*Note: This post includes an update after the march, at the end.
Today is a day for celebration across the land. Tomorrow the real task of governing begins for some, and for others the work of lobbying and pushing for reform starts. Before the dust of the inauguration has time to settle a group of pro-immigrant organizations will hold a march in Washington D.C. for “just and humane” immigration reform. (See more below.)
Latino civil leaders and lobbying organizations intend to keep the issue in the front burner despite a new nationwide poll showing the economy, not immigration, is Latinos’ top concern.
Latino leaders reminded the incoming administration just that Monday during the Latino State of the Union gathering, organized by the National Council of La Raza, the Mexican American Legal Defense Fund and the League of United Latin American Citizens.
As we’ve reported during this presidential transition, Latino leaders believe that the heavy support Barack Obama received from Hispanic voters must be answered in kind. Comprehensive immigration reform is at the top of their agenda. Monday, they made this clear, as The New York Times’ Fernanda Santos reported.
John Trasviña, president of the Mexican American Legal Defense and Education Fund, which hosted the event, the second annual Latino State of the Union, a gathering of advocates, civil rights activists and lawmakers representing the interests of the Latino community, said: “We have to take immigration away from the border and present it as an issue of national interest defined by cooperation, rather than confrontation, with Mexico and Latin America.”
It is, Mr. Trasviña said, a question of fostering acceptance of Latinos, who have been victimized by hate, in the hands of perpetrators who attack them because of their ethnicity, and overzealousness, in the hands of local police officers who have been deputized to act as immigration enforcers in communities nationwide.
To reach these goals, Latino organizations are counting on the Obama Administration’s incoming Latino officials, despite the exit of their would-have-been main champion, Bill Richardson. According to the Times, an Obama spokesperson read a statement at Monday’s event where the incoming president acknowledged that Latinos showed “how powerful you are on Nov. 4” and said his cabinet appointments are “a measure of my commitment” to a diverse government.
Latinos, of course, are also taking part in the celebrations. Sunday’s Latino Inaugural Gala drew a crowd of celebrities from the TV and music worlds, plus some less glitzy but more powerful Latino politicians.

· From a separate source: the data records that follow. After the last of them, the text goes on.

Lemma xyzPhi_ext_affine J : on_chart n cW J ->
  j0 (J cX) * j0 (J cY) * j0 (J cZ) != 0 -> xyzPhi_ext J = xyzPhi n J.
Proof.
move=> [JW hF]; rewrite !mulf_eq0 !negb_or => /andP[/andP[x0 y0] z0].
rewrite (xyzPhi_ext_surface hF x0) /chart_expr /jminor /= JW /=.
rewrite /xyzPhi /Phi /D2 /jdet /jred /=.
have -> : n.-1 = (n - 2).+1 by lia.
rewrite !expr1n mul1r (exprS (j0 (J cX))); move: (n - 2)%N => m; field.
by rewrite x0 y0 z0 expf_neq0 // pnatr_eq0 -lt0n.
Qed.

Lemma xyzPhi_ext_regular k p : regular_at n k xyzPhi_ext p.
Proof.
pose f (e : nat -> C) :=
  j0 (ejet e cW) ^+ (n - 8) * jminor (fun i => jred n (ejet e i)) k / n%:R ^+ 2.
have [N NE] : polynomial_fun f.
  apply: polynomialM; last exact: polynomial_const.
  by apply: polynomialM; [apply/polynomialX/polynomial_var | apply: polynomial_jminor].
exists N, (PConst 1); split => [|J hJ _]; first exact: oner_neq0.
rewrite /= mul1r NE /f (xyzPhi_ext_chart hJ) ejet_env_jet.
by congr (_ * _ * _); apply: eq_jminor => i; rewrite ejet_env_jet.
Qed.

End Extension.

Theorem lemma4p2 (C : numClosedFieldType) (n : nat) (hn : (8 <= n)%N) :
  exists Psi : 'I_4 -> ('I_4 -> jet C) -> C,
    holo_jet_diff n Psi /\
    (forall J, on_chart n cW J ->
       j0 (J cX) * j0 (J cY) * j0 (J cZ) != 0 -> Psi cW J = xyzPhi n J) /\
    ((9 <= n)%N -> forall k J, on_chart n k J -> j0 (J cW) = 0 -> Psi k J = 0).
Proof.
exists (fun=> xyzPhi_ext n); split; [split|split].
- by move=> k J _; apply: xyzPhi_ext_regular.
- move=> k m J _ Jm0; rewrite /chart_change /jdiv xyzPhi_ext_jmul //.
  by rewrite invr_eq0.
- exact: xyzPhi_ext_affine.
- by move=> n9 k J; apply: xyzPhi_ext_at_infinity.
Qed.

Picking up after them was María Pérez, a Salvadoran woman who’s cleaned D.C.’s Union Station for over twenty years.
“I am hope that Barack Obama fix the economia, give more jobs, give better health programs for all the people in America,” she told New America Media‘s Anthony D. Advincula in a mix of English and Spanish. “Of course, I am hope to hear about imigracion.
“We Latinos, we must support Obama. He’s black, but I am dark, too,” Pérez said, smiling.
Pérez is not the only one who expects to “hear about immigration.” Univision news anchor Jorge Ramos ran an open letter to Obama on the network’s website under the headline: “Don’t fail us.”
To start afresh, Ramos wrote, Obama needs to erase the legacy of the Bush years, “the most anti-immigrant era the United States has had, based on the number of raids and deportees.”
In addition to tomorrow’s march, some pro-immigrant Latino groups have sent thousands of letters to the Obama White House asking that Immigration and Customs Enforcement (ICE) raids and deportations be stopped. The letters are expected to begin arriving on Wednesday.
The march, which will start at Benjamin Banneker Park at 10th & G Streets SW and proceed towards ICE headquarters, is organized by the Fair Immigration Reform Movement and the National Capital Immigration Coalition. [For more information, including how to receive SMS updates, click here.]
According to FIRM’s blog, teams of activists have canvassed the capital in preparation for the march, passing out leaflets and posters with the message, “Reform not raids.”
Update: After the march, The Washington Post reported,
Several hundred immigrant supporters and religious leaders from across the country marched to the Southwest Washington headquarters of the U.S. Immigration and Customs Enforcement agency yesterday, strumming guitars, beating drums and waving colorful homemade banners exhorting President Obama to halt immigration raids and promote legislation offering illegal immigrants a path to citizenship.